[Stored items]
--- --- ---

Section Elimination.
Variables (R : numDomainType) (v : K -> R).

Lemma evalp_pivot p x fx : pivot p = Some (x, fx) -> evalp v p = 0 -> evalp v fx = v x.
Proof.
rewrite /pivot; case E: pick_out => [[[c [|y [|]]] rest]|] //= [<- <-].
have [/= /andP [c0 /allP cdvd] prest] := pick_outP E.
have evalp_rest : evalp v rest = - zr c * evalp v [seq ((- (s.1 / c))%coqZ, s.2) | s <- rest].
  rewrite /evalp big_map mulr_sumr big_seq [RHS]big_seq; apply: eq_bigr => t trest.
  have /eqP tdvd : (t.1 mod c == 0)%coqZ.
    by apply: cdvd; rewrite -(perm_mem prest) inE trest orbT.
  by rewrite zrN mulrA mulrNN -zrM -(proj2 (Z.div_exact _ _ (elimN eqP c0))).
rewrite /evalp -(perm_big _ prest) big_cons -/(evalp v rest) evalp_rest /evalm big_seq1 /=.
move=> /eqP; rewrite mulNr -mulrN -mulrDr mulf_eq0 zr_eq0 (negPf c0) /=.
by rewrite addr_eq0 opprK => /eqP ->.
Qed.

Lemma evalp_elim_step sigma r :
  (forall x, evalp v (sigma x) = v x) -> evalp v r = 0 ->
  forall x, evalp v (elim_step sigma r x) = v x.
Proof.
move=> hsigma hr; rewrite /elim_step.
case E: pivot => [[y fy]|] // x.
have hfy : evalp v fy = v y.
  apply: evalp_pivot E _.
  by rewrite evalp_norm evalp_subst (eq_evalp _ hsigma).
rewrite evalp_norm evalp_subst -hsigma; apply: eq_evalp => z.
by rewrite /updp; case: eqP => [->|_]; rewrite ?evalp_var.
Qed.

Lemma evalp_eliminate rels :
  {in rels, forall r, evalp v r = 0} -> forall x, evalp v (eliminate rels x) = v x.
Proof.
rewrite /eliminate; have : forall x, evalp v (varp x) = v x by exact: evalp_var.
elim: rels varp => [|r rels IH] sigma hsigma hrels //=.
apply: IH => [|s srels]; last by apply: hrels; rewrite inE srels orbT.
by apply: evalp_elim_step => //; apply: hrels; rewrite inE eqxx.
Qed.

End Elimination.
End IntegerPolynomials.

(* [None] stands for the auxiliary scalar [t = - tau / 10], in terms of which the
   Einstein condition [rho_ij = - 2 t g_ij] has integer coefficients. *)
Definition var := option (nat * nat * nat * nat).

Definition var_le (x y : var) : bool :=
  match x, y with
  | None, _ => true
  | Some _, None => false
  | Some (a, b, c, d), Some (a', b', c', d') =>
    lexle leq [:: a; b; c; d] [:: a'; b'; c'; d']
  end.

Definition I5 := iota 0 5.
Definition sum5p (f : nat -> poly var) : poly var := sump I5 f.
Definition tvar : poly var := varp None.

Definition signed_pair (a b : nat) : Z * (nat * nat) :=
  if (a < b)%N then (1%coqZ, (a, b)) else ((-1)%coqZ, (b, a)).

(* The component [R_abcd] as a signed canonical variable: [a' < b'], [c' < d']
   and [(a', b') <= (c', d')]. *)
Definition canon (a b c d : nat) : poly var :=
  if (a == b) || (c == d) then [::] else
  let: (s, (a', b')) := signed_pair a b in
  let: (s', (c', d')) := signed_pair c d in
  [:: ((s * s')%coqZ, [:: if lexle leq [:: a'; b'] [:: c'; d']
                           then Some (a', b', c', d') else Some (c', d', a', b')])].

Definition bianchi_rels : seq (poly var) :=
  flatten [seq flatten [seq flatten [seq
    [seq canon a b c d ++ canon b c a d ++ canon c a b d | d <- I5]
  | c <- I5] | b <- I5] | a <- I5].

Definition riccip (i j : nat) : poly var := sum5p (fun a => canon a i j a).

Definition einstein_rels : seq (poly var) :=
  [seq riccip i j ++ scalep (if i == j then 2 else 0)%coqZ tvar | i <- I5, j <- I5].

Definition curv_val (R : realFieldType) (Rm : curv R 5) (t : R) (x : var) : R :=
  if x is Some (a, b, c, d) then Rm (inord a) (inord b) (inord c) (inord d) else t.

Lemma evalp_sum5 (R : comPzRingType) (v : var -> R) (f : nat -> poly var) (F : 'I_5 -> R) :
  (forall a : 'I_5, evalp v (f a) = F a) -> evalp v (sum5p f) = \sum_(a < 5) F a.
Proof.
by move=> h; rewrite evalp_sum (_ : I5 = index_iota 0 5) // big_mkord; apply: eq_bigr.
Qed.

Section CurvatureRelations.
Variables (R : realFieldType) (Rm : curv R 5) (t : R).
Hypothesis hR : is_curvature_tensor Rm.

Lemma curv_aa0 a c d : Rm a a c d = 0.
Proof. by case: hR => hA _ _ _; have := hA a a c d; lra. Qed.

Lemma signed_pair_l a b x y : Rm (inord a) (inord b) x y
  = zr (signed_pair a b).1 * Rm (inord (signed_pair a b).2.1) (inord (signed_pair a b).2.2) x y.
Proof.
case: hR => hA _ _ _; rewrite /signed_pair; case: ifP => _ /=; first by rewrite mul1r.
by rewrite zrN1 mulN1r -hA.
Qed.

Lemma signed_pair_r a b x y : Rm x y (inord a) (inord b)
  = zr (signed_pair a b).1 * Rm x y (inord (signed_pair a b).2.1) (inord (signed_pair a b).2.2).
Proof.
case: hR => _ hB _ _; rewrite /signed_pair; case: ifP => _ /=; first by rewrite mul1r.
by rewrite zrN1 mulN1r -hB.
Qed.

Lemma evalp_canon a b c d :
  evalp (curv_val Rm t) (canon a b c d) = Rm (inord a) (inord b) (inord c) (inord d).
Proof.
rewrite /canon; case: (a =P b) => [<-|_] /=; first by rewrite curv_aa0 /evalp big_nil.
case: (c =P d) => [<-|_] /=.
  by case: hR => _ _ hS _; rewrite hS curv_aa0 /evalp big_nil.
rewrite signed_pair_l signed_pair_r.
case: (signed_pair a b) => s [a' b']; case: (signed_pair c d) => s' [c' d'] /=.
rewrite /evalp /evalm !big_seq1 zrM; case: ifP => _; first by rewrite mulrA.
by case: hR => _ _ hS _; rewrite hS mulrA.
Qed.

Lemma bianchi_rels_vanish : {in bianchi_rels, forall r, evalp (curv_val Rm t) r = 0}.
Proof.
move=> r /flatten_mapP [a _ /flatten_mapP [b _ /flatten_mapP [c _ /mapP [d _ ->]]]].
by case: hR => _ _ _ hBian; rewrite !evalp_cat !evalp_canon addrA hBian.
Qed.

End CurvatureRelations.

Lemma einstein_rels_vanish (R : realFieldType) (Rm : curv R 5) :
  is_curvature_tensor Rm -> is_einstein Rm ->
  {in einstein_rels, forall r, evalp (curv_val Rm (- (scal Rm / 10%:R))) r = 0}.
Proof.
move=> hR hE r /allpairsP [[i j] [+ + ->]]; rewrite /= !mem_iota /= => i5 j5.
change (evalp (curv_val Rm (- (scal Rm / 10%:R)))
          (riccip i j ++ scalep (if i == j then 2 else 0)%coqZ tvar) = 0).
rewrite evalp_cat evalp_scale evalp_var.
have -> : evalp (curv_val Rm (- (scal Rm / 10%:R))) (riccip i j) = ricci Rm (inord i) (inord j).
  by apply: evalp_sum5 => a; rewrite evalp_canon // inord_val.
rewrite hE /gmet -val_eqE /= !inordK //.
by case: (i == j); rewrite /= ?zr_pos ?zr0; cbv [Pos.to_nat Pos.iter_op Nat.add];
  field; rewrite ?pnatr_eq0.
Qed.

Section CurvaturePolynomials.
Variable X : nat -> nat -> nat -> nat -> poly var.

Definition normsqp : poly var :=
  sum5p (fun a => sum5p (fun b => sum5p (fun c => sum5p (fun d =>
    mulp var_le (X a b c d) (X a b c d))))).

Definition RRp (i j : nat) : poly var :=
  sum5p (fun a => sum5p (fun b => sum5p (fun c => mulp var_le (X i a b c) (X j a b c)))).

Definition Rcheckp (i j : nat) : poly var :=
  sum5p (fun u => sum5p (fun v => mulp var_le (X i u v j)
    (normp var_le (sum5p (fun a => sum5p (fun b => sum5p (fun c =>
       mulp var_le (X a b c u) (X a b c v)))))))).

Definition Rhatp (i j : nat) : poly var :=
  sum5p (fun a => sum5p (fun b => sum5p (fun c => mulp var_le (X i b a c)
    (normp var_le (sum5p (fun u => sum5p (fun v => mulp var_le (X j b u v) (X a c u v)))))))).

Definition Rringp (i j : nat) : poly var :=
  sum5p (fun a => sum5p (fun b => sum5p (fun c => mulp var_le (X i a b c)
    (normp var_le (sum5p (fun u => sum5p (fun v => mulp var_le (X j u b v) (X a u c v)))))))).

(* The left-hand side of the identity, with [tau = - 10 t]. *)
Definition identityp (i j : nat) : poly var :=
  (if i == j then scalep (-40)%coqZ (prodp var_le [:: tvar; tvar; tvar])
                  ++ scalep (-2)%coqZ (mulp var_le tvar normsqp) else [::])
  ++ scalep 20%coqZ (mulp var_le tvar (RRp i j)) ++ scalep (-4)%coqZ (Rcheckp i j)
  ++ scalep (-4)%coqZ (Rhatp i j) ++ scalep 8%coqZ (Rringp i j).

Variables (R : realFieldType) (Rm : curv R 5) (v : var -> R).
Hypothesis evalp_X : forall a b c d : 'I_5, evalp v (X a b c d) = Rm a b c d.

Lemma evalp_normsqp : evalp v normsqp = normsq Rm.
Proof. by do 4 apply: evalp_sum5 => ?; rewrite evalp_mul !evalp_X. Qed.

Lemma evalp_RRp (i j : 'I_5) : evalp v (RRp i j) = RR Rm i j.
Proof. by do 3 apply: evalp_sum5 => ?; rewrite evalp_mul !evalp_X. Qed.

Lemma evalp_mul_sum5 p (f : nat -> poly var) (F : 'I_5 -> R) :
  (forall a : 'I_5, evalp v (mulp var_le p (f a)) = F a) ->
  evalp v (mulp var_le p (sum5p f)) = \sum_(a < 5) F a.
Proof.
move=> h; rewrite evalp_mul (evalp_sum5 (F := fun a => evalp v (f a))) // mulr_sumr.
by apply: eq_bigr => a _; rewrite -(evalp_mul var_le).
Qed.

Lemma evalp_Rcheckp (i j : 'I_5) : evalp v (Rcheckp i j) = Rcheck Rm i j.
Proof.
do 2 apply: evalp_sum5 => ?; rewrite evalp_mul evalp_norm -(evalp_mul var_le).
by do 3 apply: evalp_mul_sum5 => ?; rewrite !evalp_mul !evalp_X mulrA.
Qed.

Lemma evalp_Rhatp (i j : 'I_5) : evalp v (Rhatp i j) = Rhat Rm i j.
Proof.
do 3 apply: evalp_sum5 => ?; rewrite evalp_mul evalp_norm -(evalp_mul var_le).
by do 2 apply: evalp_mul_sum5 => ?; rewrite !evalp_mul !evalp_X mulrA.
Qed.

Lemma evalp_Rringp (i j : 'I_5) : evalp v (Rringp i j) = Rring Rm i j.
Proof.
do 3 apply: evalp_sum5 => ?; rewrite evalp_mul evalp_norm -(evalp_mul var_le).
by do 2 apply: evalp_mul_sum5 => ?; rewrite !evalp_mul !evalp_X mulrA.
Qed.

Lemma evalp_identityp (i j : 'I_5) :
  let t := v None in
  evalp v (identityp i j)
  = (- 40%:R * t ^+ 3 - 2%:R * t * normsq Rm) * gmet R i j + 20%:R * t * RR Rm i j
    - 4%:R * Rcheck Rm i j - 4%:R * Rhat Rm i j + 8%:R * Rring Rm i j.
Proof.
rewrite /identityp !evalp_cat !evalp_scale evalp_mul evalp_RRp.
rewrite evalp_Rcheckp evalp_Rhatp evalp_Rringp /tvar evalp_var.
rewrite /gmet (_ : (i == j) = (nat_of_ord i == nat_of_ord j)) //; case: ifP => _.
  rewrite evalp_cat !evalp_scale evalp_prod evalp_mul evalp_normsqp !big_cons big_nil !evalp_var.
  by rewrite !zr_pos !zr_neg; cbv [Pos.to_nat Pos.iter_op Nat.add nat_of_bool]; ring.
by rewrite /evalp big_nil !zr_pos !zr_neg;
  cbv [Pos.to_nat Pos.iter_op Nat.add nat_of_bool]; ring.
Qed.

End CurvaturePolynomials.

Definition table := seq (seq (seq (seq (poly var)))).

Definition tabulate (f : nat -> nat -> nat -> nat -> poly var) : table :=
  [seq [seq [seq [seq f a b c d | d <- I5] | c <- I5] | b <- I5] | a <- I5].

Definition lookup (T : table) (a b c d : nat) : poly var :=
  nth [::] (nth [::] (nth [::] (nth [::] T a) b) c) d.

Lemma lookup_tabulate f (a b c d : 'I_5) :
  lookup (tabulate f) a b c d = f a b c d.
Proof. by rewrite /lookup !(nth_map 0%N) ?size_iota ?ltn_ord // !nth_iota. Qed.

Definition einstein5_table : table :=
  let sigma := eliminate var_le (bianchi_rels ++ einstein_rels) in
  tabulate (fun a b c d => normp var_le (substp var_le sigma (canon a b c d))).

Definition identity_normalizes (T : table) : bool :=
  all (fun i => all (fun j => normp var_le (identityp (lookup T) i j) == [::]) I5) I5.

Lemma einstein5_identity_normalizes : identity_normalizes einstein5_table.
Proof. by vm_compute. Qed.

Theorem corollary4p2 (R : realFieldType) (Rm : curv R 5)
    (hR : is_curvature_tensor Rm) (hE : is_einstein Rm) (i j : 'I_5) :
  (scal Rm ^+ 3 / 25%:R + scal Rm / 5%:R * normsq Rm) * gmet R i j
  - 2%:R * scal Rm * RR Rm i j - 4%:R * Rcheck Rm i j - 4%:R * Rhat Rm i j
  + 8%:R * Rring Rm i j = 0.
Proof.
set t := - (scal Rm / 10%:R).
have evalp_table (a b c d : 'I_5) :
    evalp (curv_val Rm t) (lookup einstein5_table a b c d) = Rm a b c d.
  rewrite -{2}[a]inord_val -{2}[b]inord_val -{2}[c]inord_val -{2}[d]inord_val.
  rewrite -(evalp_canon t hR) lookup_tabulate evalp_norm evalp_subst.
  apply: eq_evalp => x; apply: evalp_eliminate => r.
  by rewrite mem_cat => /orP [];
    [exact: bianchi_rels_vanish | exact: einstein_rels_vanish].
have mem_I5 (k : 'I_5) : nat_of_ord k \in I5 by rewrite mem_iota ltn_ord.
have /eqP/(normp_nil_evalp (curv_val Rm t)) :=
  allP (allP einstein5_identity_normalizes i (mem_I5 i)) j (mem_I5 j).
rewrite (evalp_identityp evalp_table) => <-.
by rewrite /t /=; field; rewrite ?pnatr_eq0.
Qed.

--- --- ---

[Work task]
Produce exactly the lines from the one containing "- 2%:R * scal" through the final line of the records above, both included, and no others.

[Your solution]
  - 2%:R * scal Rm * RR Rm i j - 4%:R * Rcheck Rm i j - 4%:R * Rhat Rm i j
  + 8%:R * Rring Rm i j = 0.
Proof.
set t := - (scal Rm / 10%:R).
have evalp_table (a b c d : 'I_5) :
    evalp (curv_val Rm t) (lookup einstein5_table a b c d) = Rm a b c d.
  rewrite -{2}[a]inord_val -{2}[b]inord_val -{2}[c]inord_val -{2}[d]inord_val.
  rewrite -(evalp_canon t hR) lookup_tabulate evalp_norm evalp_subst.
  apply: eq_evalp => x; apply: evalp_eliminate => r.
  by rewrite mem_cat => /orP [];
    [exact: bianchi_rels_vanish | exact: einstein_rels_vanish].
have mem_I5 (k : 'I_5) : nat_of_ord k \in I5 by rewrite mem_iota ltn_ord.
have /eqP/(normp_nil_evalp (curv_val Rm t)) :=
  allP (allP einstein5_identity_normalizes i (mem_I5 i)) j (mem_I5 j).
rewrite (evalp_identityp evalp_table) => <-.
by rewrite /t /=; field; rewrite ?pnatr_eq0.
Qed.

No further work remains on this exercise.